Rekan-rekan terkasih di Eropa Ketika kalimat-kalimat ini datang kepada Anda, kalian akan mendengar kabar bahwa Tuhan telah membawa suami saya yang terkasih kembali kepada diri-Nya secara tiba-tiba dan tidak terduga pada tanggal 9 Juli. Gagal jantung mengakhiri hidupnya. Semuanya karena kehendak Tuhan, dan saya dengan kerendah hati bersujud di bawah tangan-Nya, betapapun menyedihkan perpisahan yang tiba-tiba ini bagi saya. Namun ketika saya merenungkan bahwa kematian suami saya yang damai, hati saya penuh dengan pujian dan ucapan terima kasih; dia telah tertidur tanpa rasa sakit sedikit pun, namun sebagai seorang manusia yang belum mengalami kematian, dan perpisahan yang tiba-tiba membuat kesedihan yang mendalam memenuhi hatiku. Dalam dua tahun terakhir, suami saya menjadi sangat gemuk, yang membuatnya menjadi semakin sulit bernapas. Saya tidak lagi membiarkan dia bepergian sendirian, karena saya takut terjadi sesuatu padanya. Kami berencana mengunjungi jemaat Pangelak akan bulan Juni; Missionaris Tromp menugaskan putra kami Jonathan Faige ke dekat Pangelak dan kami ingin segera mengunjunginya. Missionaris Tromp mengingatkan agar kami tidak memaksa pergi dalam waktu dekat. Musim panas/kemarau membuat perjalanan panjang  akan menjadi sulit dan terlalu berbahaya bagi kesehatan fisik. 

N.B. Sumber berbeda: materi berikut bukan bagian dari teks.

Lemma ln_INR_prod (I : Type) (r : seq I) (P : pred I) (F : I -> nat) :
  (forall i, P i -> (0 < F i)%nat) ->
  ln (INR (\prod_(i <- r | P i) F i)%nat) = \big[Rplus/0]_(i <- r | P i) ln (INR (F i)).
Proof.
move=> F0; elim: r => [|i r IH]; first by rewrite !big_nil ln_1.
rewrite !big_cons; case: ifP => // Pi.
by rewrite mult_INR ln_mult ?IH //; apply: INR_pos; [exact: F0|exact: prodn_cond_gt0].
Qed.

Lemma INR_expn m k : INR (expn m k) = INR m ^ k.
Proof. by elim: k => [|k IH] //; rewrite expnS mult_INR IH. Qed.

Lemma ln_INR_expn_self k : ln (INR (expn k k)) = xlnx k.
Proof.
rewrite /xlnx; case: k => [|k]; first by rewrite /= ln_1; ring.
by rewrite INR_expn ln_pow //; apply: INR_pos.
Qed.

Lemma ln_INR_le (x y : nat) : (0 < x)%nat -> (x <= y)%nat -> ln (INR x) <= ln (INR y).
Proof. by move=> /INR_pos x0 /leP/le_INR; apply: ln_le. Qed.

Lemma derive_ge0_le (f df : R -> R) {a b : R} : a <= b ->
  (forall x, a <= x <= b -> is_derive f x (df x)) ->
  (forall x, a < x < b -> 0 <= df x) -> f a <= f b.
Proof.
move=> /Rle_lt_or_eq_dec [ab|<-] fD dfP; last lra.
have fD' x hx := proj1 (is_derive_Reals f x (df x)) (fD x hx).
have [c [E acb]] := MVT_cor2 f df a b ab fD'.
have := dfP c acb; nra.
Qed.

Lemma ln_le_sub_1 y : 0 < y -> ln y <= y - 1.
Proof. by move=> y0; have := exp_ineq1_le (ln y); rewrite exp_ln //; lra. Qed.

Lemma ln_ge_1_sub_inv y : 0 < y -> 1 - / y <= ln y.
Proof.
move=> y0; have := ln_le_sub_1 (Rinv_0_lt_compat y y0).
rewrite ln_Rinv //; lra.
Qed.

Lemma sub_1_le_mul_ln y : 1 <= y -> 2 * (y - 1) <= (y + 1) * ln y.
Proof.
move=> y1; pose f x := (x + 1) * ln x - 2 * (x - 1).
suff : f 1 <= f y by rewrite /f ln_1; lra.
apply: (derive_ge0_le (f := f) (df := fun x => ln x - 1 + / x) y1) => x hx.
- rewrite /f; auto_derive; first lra. field; lra.
- have /ln_ge_1_sub_inv : 0 < x by lra.
  lra.
Qed.

Lemma mul_ln_le_sq y : 1 <= y -> 2 * y * ln y <= y * y - 1.
Proof.
move=> y1; pose f x := x * x - 1 - 2 * x * ln x.
suff : f 1 <= f y by rewrite /f ln_1; lra.
apply: (derive_ge0_le (f := f) (df := fun x => 2 * (x - 1 - ln x)) y1) => x hx.
- rewrite /f; auto_derive; first lra. field; lra.
- have /ln_le_sub_1 : 0 < x by lra.
  lra.
Qed.

Lemma mul_ln_le_quad y : 1 <= y -> (4 * y + 2) * ln y <= (y - 1) * (y + 5).
Proof.
move=> y1; pose f x := (x - 1) * (x + 5) - (4 * x + 2) * ln x.
suff : f 1 <= f y by rewrite /f ln_1; lra.
apply: (derive_ge0_le (f := f) (df := fun x => 2 / x * (x * x - 1 - 2 * x * ln x)) y1) => x hx.
- rewrite /f; auto_derive; first lra. field; lra.
- have /mul_ln_le_sq : 1 <= x by lra.
  have : 0 < 2 / x by apply: Rdiv_lt_0_compat; lra.
  nra.
Qed.

Lemma mul_ln_1_add_inv_ge x : 1 <= x -> 1 <= (x + / 2) * ln (1 + / x).
Proof.
move=> x1; have x0 : 0 < x by lra.
have xv : x * / x = 1 by apply: Rinv_r; lra.
have /sub_1_le_mul_ln lo : 1 <= 1 + / x by have := Rinv_0_lt_compat x x0; lra.
have := Rmult_le_compat_l x _ _ (Rlt_le _ _ x0) lo.
have -> : x * (2 * (1 + / x - 1)) = 2 * (x * / x) by ring.
have -> : x * ((1 + / x + 1) * ln (1 + / x)) = (2 * x + x * / x) * ln (1 + / x) by ring.
by rewrite xv; lra.
Qed.

Lemma mul_ln_1_add_inv_le x : 1 <= x ->
  (x + / 2) * ln (1 + / x) <= 1 + / (8 * x * (x + 1)).
Proof.
move=> x1; have x0 : 0 < x by lra.
have xv : x * / x = 1 by apply: Rinv_r; lra.
have y1 : 1 <= 1 + / x by have := Rinv_0_lt_compat x x0; lra.
have L0 : 0 <= ln (1 + / x) by rewrite -ln_1; apply: ln_le; lra.
set v := / x in xv y1 L0 *; set L := ln (1 + v) in L0 *.
have hi : (6 * x * x + 4 * x) * L <= 6 * x + 1.
  have := Rmult_le_compat_l (x * x) _ _ (Rlt_le _ _ (Rmult_lt_0_compat _ _ x0 x0))
    (mul_ln_le_quad y1).
  have -> : x * x * ((1 + v - 1) * (1 + v + 5)) = (x * v) * (x * v) + 6 * x * (x * v).
    by ring.
  have -> : x * x * ((4 * (1 + v) + 2) * L) = (6 * x * x + 4 * x * (x * v)) * L by ring.
  by rewrite xv; lra.
have d0 : 0 < 8 * x * (x + 1) by nra.
apply: (Rmult_le_reg_l _ _ _ d0).
rewrite [X in _ <= X]Rmult_plus_distr_l Rinv_r; last lra.
have c0 : 0 <= 4 * (x + 1) * (2 * x + 1) by nra.
have := Rmult_le_compat_l _ _ _ c0 hi.
have -> : 4 * (x + 1) * (2 * x + 1) * ((6 * x * x + 4 * x) * L)
  = (6 * x + 4) * (8 * x * (x + 1) * ((x + / 2) * L)) by field.
by move=> H; apply: (Rmult_le_reg_l (6 * x + 4)); nra.
Qed.

Definition stirling_rem (k : nat) : R :=
  ln (INR k`!) - (xlnx k - INR k + / 2 * ln (INR k)).

Lemma stirling_rem_succ k : (0 < k)%nat ->
  stirling_rem k.+1 = stirling_rem k + 1 - (INR k + / 2) * ln (1 + / INR k).
Proof.
move=> /INR_pos k0; have f0 : 0 < INR k`! by apply/INR_pos/fact_gt0.
have -> : ln (1 + / INR k) = ln (INR k + 1) - ln (INR k).
  by rewrite -ln_div; try lra; congr ln; field; lra.
by rewrite /stirling_rem /xlnx factS mult_INR S_INR ln_mult //; lra.
Qed.

(* The lower step bound makes [stirling_rem] decrease, the upper one makes
   [stirling_rem k - 1/(8k)] increase. *)
Lemma stirling_rem_bounds k : (0 < k)%nat ->
  7 / 8 + / (8 * INR k) <= stirling_rem k <= 1.
Proof.
elim: k => [//|[_ _|k IH _]].
  by rewrite /stirling_rem /xlnx /= ln_1; lra.
have k1 : 1 <= INR k.+1 by rewrite S_INR; have := pos_INR k; lra.
rewrite stirling_rem_succ //.
have := mul_ln_1_add_inv_ge k1; have := mul_ln_1_add_inv_le k1; have := IH isT.
have -> : INR k.+2 = INR k.+1 + 1 by rewrite S_INR.
have -> : / (8 * INR k.+1) = / (8 * (INR k.+1 + 1)) + / (8 * INR k.+1 * (INR k.+1 + 1)).
  by field; lra.
lra.
Qed.

Lemma ln_fact_le k : (0 < k)%nat ->
  ln (INR k`!) <= xlnx k - INR k + / 2 * ln (INR k) + 1.
Proof. by move=> /stirling_rem_bounds; rewrite /stirling_rem; lra. Qed.

Lemma ln_fact_ge k : (0 < k)%nat ->
  xlnx k - INR k + / 2 * ln (INR k) <= ln (INR k`!).
Proof.
move=> k0; have := stirling_rem_bounds k0.
have : 0 < / (8 * INR k) by apply: Rinv_0_lt_compat; have := INR_pos k0; lra.
by rewrite /stirling_rem; lra.
Qed.

Lemma sum_ln_fact_le k (x : 'I_k -> nat) : (forall i, 0 < x i)%nat ->
  \big[Rplus/0]_i ln (INR (x i)`!) <=
  \big[Rplus/0]_i xlnx (x i) - INR (\sum_i x i)
  + / 2 * \big[Rplus/0]_i ln (INR (x i)) + INR k.
Proof.
move=> x0; eapply Rle_trans; first by apply: sumR_le => i _; exact: ln_fact_le.
rewrite !big_split /= sumR_opp sumR_mull sumR_const INR_sum; lra.
Qed.

Lemma mul_bracket_eq (m x : R) : 0 < m -> 0 <= x ->
  m * bracket (x / m - 1) = x * ln x - x * ln m - x + m.
Proof.
move=> m0 x0; rewrite /bracket; case: Req_EM_T => [x_m|x_m] /=.
  have -> : x = 0 by apply: (Rmult_eq_reg_r (/ m)); [lra|apply: Rinv_neq_0_compat; lra].
  ring.
have {x_m x0} x_pos : 0 < x.
  by case: x0 => // x0; case: x_m; rewrite -x0 /Rdiv Rmult_0_l; ring.
have -> : 1 + (x / m - 1) = x / m by ring.
by rewrite ln_div //; field; lra.
Qed.

Lemma expn_self_gt0 k : (0 < expn k k)%nat.
Proof. by case: k => // k; rewrite expn_gt0. Qed.

Lemma ln_INR_mul_le (x y u v : nat) : (0 < x)%nat -> (0 < y)%nat ->
  (x * y <= u * v)%nat -> ln (INR x) + ln (INR y) <= ln (INR u) + ln (INR v).
Proof.
move=> x0 y0 le_xy_uv; have xy0 : (0 < x * y)%nat by rewrite muln_gt0 x0.
have /andP [u0 v0] : (0 < u)%nat && (0 < v)%nat by rewrite -muln_gt0 (leq_trans xy0).
rewrite -!ln_mult -?mult_INR; try exact: INR_pos.
exact: ln_INR_le.
Qed.

Lemma ln_INR_prod_expn_self k l (F : 'I_k -> 'I_l -> nat) :
  ln (INR (\prod_i \prod_j expn (F i j) (F i j))%nat)
  = \big[Rplus/0]_i \big[Rplus/0]_j xlnx (F i j).
Proof.
rewrite ln_INR_prod => [|i _]; last by apply: prodn_gt0 => j; exact: expn_self_gt0.
apply: eq_bigr => i _; rewrite ln_INR_prod => [|j _]; last exact: expn_self_gt0.
by apply: eq_bigr => j _; exact: ln_INR_expn_self.
Qed.

Lemma ln_card_matchings_le n k l (A : 'I_n -> 'I_k) (B : 'I_n -> 'I_l) e :
  (forall i, (\sum_j e i j)%nat = partsize A i) -> (0 < #|matchings A B e|)%nat ->
  ln (INR #|matchings A B e|) + \big[Rplus/0]_i \big[Rplus/0]_j xlnx (e i j)
  <= \big[Rplus/0]_i xlnx (partsize A i) + \big[Rplus/0]_j ln (INR (partsize B j)`!).
Proof.
move=> row_sum X0.
have P0 : (0 < \prod_i \prod_j expn (e i j) (e i j))%nat.
  by apply: prodn_gt0 => i; apply: prodn_gt0 => j; exact: expn_self_gt0.
have := ln_INR_mul_le X0 P0 (card_matchings_le B row_sum).
rewrite ln_INR_prod_expn_self (ln_INR_prod _ (fun j _ => fact_gt0 _)).
rewrite (ln_INR_prod _ (fun i _ => expn_self_gt0 _)).
by rewrite (eq_bigr _ (fun i _ => ln_INR_expn_self _)).
Qed.

Section Main.
Variables (n s t : nat) (A : 'I_n -> 'I_s.+1) (B : 'I_n -> 'I_t.+1)
  (e : 'I_s.+1 -> 'I_t.+1 -> nat).
Hypothesis A_pos : forall i, (0 < partsize A i)%nat.
Hypothesis B_pos : forall j, (0 < partsize B j)%nat.
Hypothesis row_sum : forall i, (\sum_j e i j)%nat = partsize A i.
Hypothesis col_sum : forall j, (\sum_i e i j)%nat = partsize B j.

Let sum_xlnx_e := \big[Rplus/0]_i \big[Rplus/0]_j xlnx (e i j).
Let sum_xlnx_A := \big[Rplus/0]_i xlnx (partsize A i).
Let sum_xlnx_B := \big[Rplus/0]_j xlnx (partsize B j).

Lemma n_gt0 : (0 < n)%nat.
Proof. exact: leq_trans (A_pos ord0) (partsize_le A ord0). Qed.

Lemma ln_mu i j :
  ln (mu A B i j) = ln (INR (partsize A i)) + ln (INR (partsize B j)) - ln (INR n).
Proof.
have a0 := INR_pos (A_pos i); have b0 := INR_pos (B_pos j).
have ab0 := Rmult_lt_0_compat _ _ a0 b0.
by rewrite /mu ln_div ?ln_mult //; apply: INR_pos n_gt0.
Qed.

Lemma sum_e_mul_rows (g : 'I_s.+1 -> R) :
  \big[Rplus/0]_i \big[Rplus/0]_j (INR (e i j) * g i)
  = \big[Rplus/0]_i (INR (partsize A i) * g i).
Proof. by apply: eq_bigr => i _; rewrite sumR_mulr -INR_sum row_sum. Qed.

Lemma sum_e_mul_cols (h : 'I_t.+1 -> R) :
  \big[Rplus/0]_i \big[Rplus/0]_j (INR (e i j) * h j)
  = \big[Rplus/0]_j (INR (partsize B j) * h j).
Proof.
by rewrite exchange_big; apply: eq_bigr => j _; rewrite sumR_mulr -INR_sum col_sum.
Qed.

Lemma sum_mu : \big[Rplus/0]_i \big[Rplus/0]_j mu A B i j = INR n.
Proof.
have n0 := INR_pos n_gt0.
have row i : \big[Rplus/0]_j mu A B i j = INR (partsize A i).
  rewrite (eq_bigr (fun j => INR (partsize B j) * (INR (partsize A i) / INR n))).
    by rewrite sumR_mulr -INR_sum sum_partsize; field; lra.
  by move=> j _; rewrite /mu; field; lra.
by rewrite (eq_bigr _ (fun i _ => row i)) -INR_sum sum_partsize.
Qed.

Lemma exponent_sum_eq :
  exponent_sum A B e = sum_xlnx_e - sum_xlnx_A - sum_xlnx_B + xlnx n.
Proof.
have n0 := INR_pos n_gt0.
have termE i j : mu A B i j * bracket (eps A B e i j) =
    xlnx (e i j) + INR (e i j) * (ln (INR n) - 1 - ln (INR (partsize A i)))
    + (INR (e i j) * - ln (INR (partsize B j)) + mu A B i j).
  have mu0 : 0 < mu A B i j.
    by apply: Rdiv_lt_0_compat => //; apply: Rmult_lt_0_compat; apply: INR_pos.
  by rewrite /eps mul_bracket_eq ?ln_mu //; [rewrite /xlnx; ring|exact: pos_INR].
have rowsE : \big[Rplus/0]_i (INR (partsize A i) * (ln (INR n) - 1 - ln (INR (partsize A i))))
    = INR n * (ln (INR n) - 1) - sum_xlnx_A.
  rewrite (eq_bigr (fun i => INR (partsize A i) * (ln (INR n) - 1) + - xlnx (partsize A i))).
    by rewrite big_split sumR_opp sumR_mulr -INR_sum sum_partsize.
  by move=> i _; rewrite /xlnx; ring.
have colsE : \big[Rplus/0]_j (INR (partsize B j) * - ln (INR (partsize B j))) = - sum_xlnx_B.
  by rewrite -sumR_opp; apply: eq_bigr => j _; rewrite /xlnx; ring.
rewrite /exponent_sum; under eq_bigr => i _ do under eq_bigr => j _ do rewrite termE.
under eq_bigr => i _ do rewrite !big_split.
rewrite !big_split /= sum_e_mul_rows sum_e_mul_cols sum_mu rowsE colsE -/sum_xlnx_e.
by rewrite [xlnx n]/xlnx; ring.
Qed.

Lemma ln_card_matchings_le_cols : (0 < #|matchings A B e|)%nat ->
  ln (INR #|matchings A B e|) + sum_xlnx_e
  <= sum_xlnx_B + \big[Rplus/0]_i ln (INR (partsize A i)`!).
Proof.
move=> X0; have XT := card_matchings_le_transpose A B e.
have := ln_card_matchings_le col_sum (leq_trans X0 XT).
have := ln_INR_le X0 XT.
by rewrite /sum_xlnx_e /sum_xlnx_B exchange_big /=; lra.
Qed.

Lemma ln_size_prod :
  ln (INR (size_prod A B)) + ln (INR (partsize A ord0)) + ln (INR (partsize B ord0))
  = \big[Rplus/0]_i ln (INR (partsize A i)) + \big[Rplus/0]_j ln (INR (partsize B j)).
Proof.
have PA : (0 < \prod_(i < s.+1 | i != ord0) partsize A i)%nat by exact: prodn_gt0.
have PB : (0 < \prod_(j < t.+1 | j != ord0) partsize B j)%nat by exact: prodn_gt0.
rewrite /size_prod mult_INR ln_mult; try exact: INR_pos.
rewrite (ln_INR_prod _ (fun i _ => A_pos i)) (ln_INR_prod _ (fun j _ => B_pos j)).
rewrite [X in _ = X + _](bigD1 ord0) // [X in _ = _ + X](bigD1 ord0) //=.
(* The sums on both sides differ by convertible eqType instances, which [lra]
   would treat as distinct atoms. *)
have shuffle (x y u v : R) : x + y + u + v = u + x + (v + y) by ring.
exact: shuffle.
Qed.

Lemma ln_matchings_ratio_le : (0 < #|matchings A B e|)%nat ->
  ln (INR #|matchings A B e|) - ln (INR n`!) + exponent_sum A B e
  <= (INR s + INR t + 2) / 2 + / 4 * ln (INR (size_prod A B)).
Proof.
move=> X0; have rows := ln_card_matchings_le row_sum X0.
have cols := ln_card_matchings_le_cols X0.
have factA := sum_ln_fact_le A_pos; have factB := sum_ln_fact_le B_pos.
rewrite !sum_partsize !S_INR in factA factB.
have factn := ln_fact_ge n_gt0; have := ln_size_prod.
have := ln_INR_le (A_pos ord0) (partsize_le A ord0).
have := ln_INR_le (B_pos ord0) (partsize_le B ord0).
by rewrite exponent_sum_eq /sum_xlnx_e /sum_xlnx_A /sum_xlnx_B in cols *; lra.
Qed.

Setelah kami membaca Kitab Suci, pada tanggal 14 Juni dan mempercayakan diri kami dalam perlindungan Tuhan, kami tetap memutuskan untuk berangkat pagi-pagi sekali. Dalam perjalanan saya bertanya apakah tidak sulit bagi suami saya untuk melakukan perjalanan, saya sedih dengan kesehatannya; lalu dia berkata; tidak masalah sama sekali. Setelah tiga jam perjalanan kami tiba di Taniran, di mana sebuah kereta milik Tuan Smits sudah menunggu kami. Kuda-kuda membawa kami melewati Parintik dan Bahungen,  akhirnya kami tiba di Tanjong pada pukul setengah sebelas kami merasa tidak terlalu lelah. Kami beristirahat di sana sampai hari berikutnya, karena suami saya memiliki banyak hal untuk didiskusikan dengan Controleur, dan orang-orang Melayu yang ada disana. Pagi harinya kami berangkat menuju rumah Jonathan di Haruwai pada malam hari.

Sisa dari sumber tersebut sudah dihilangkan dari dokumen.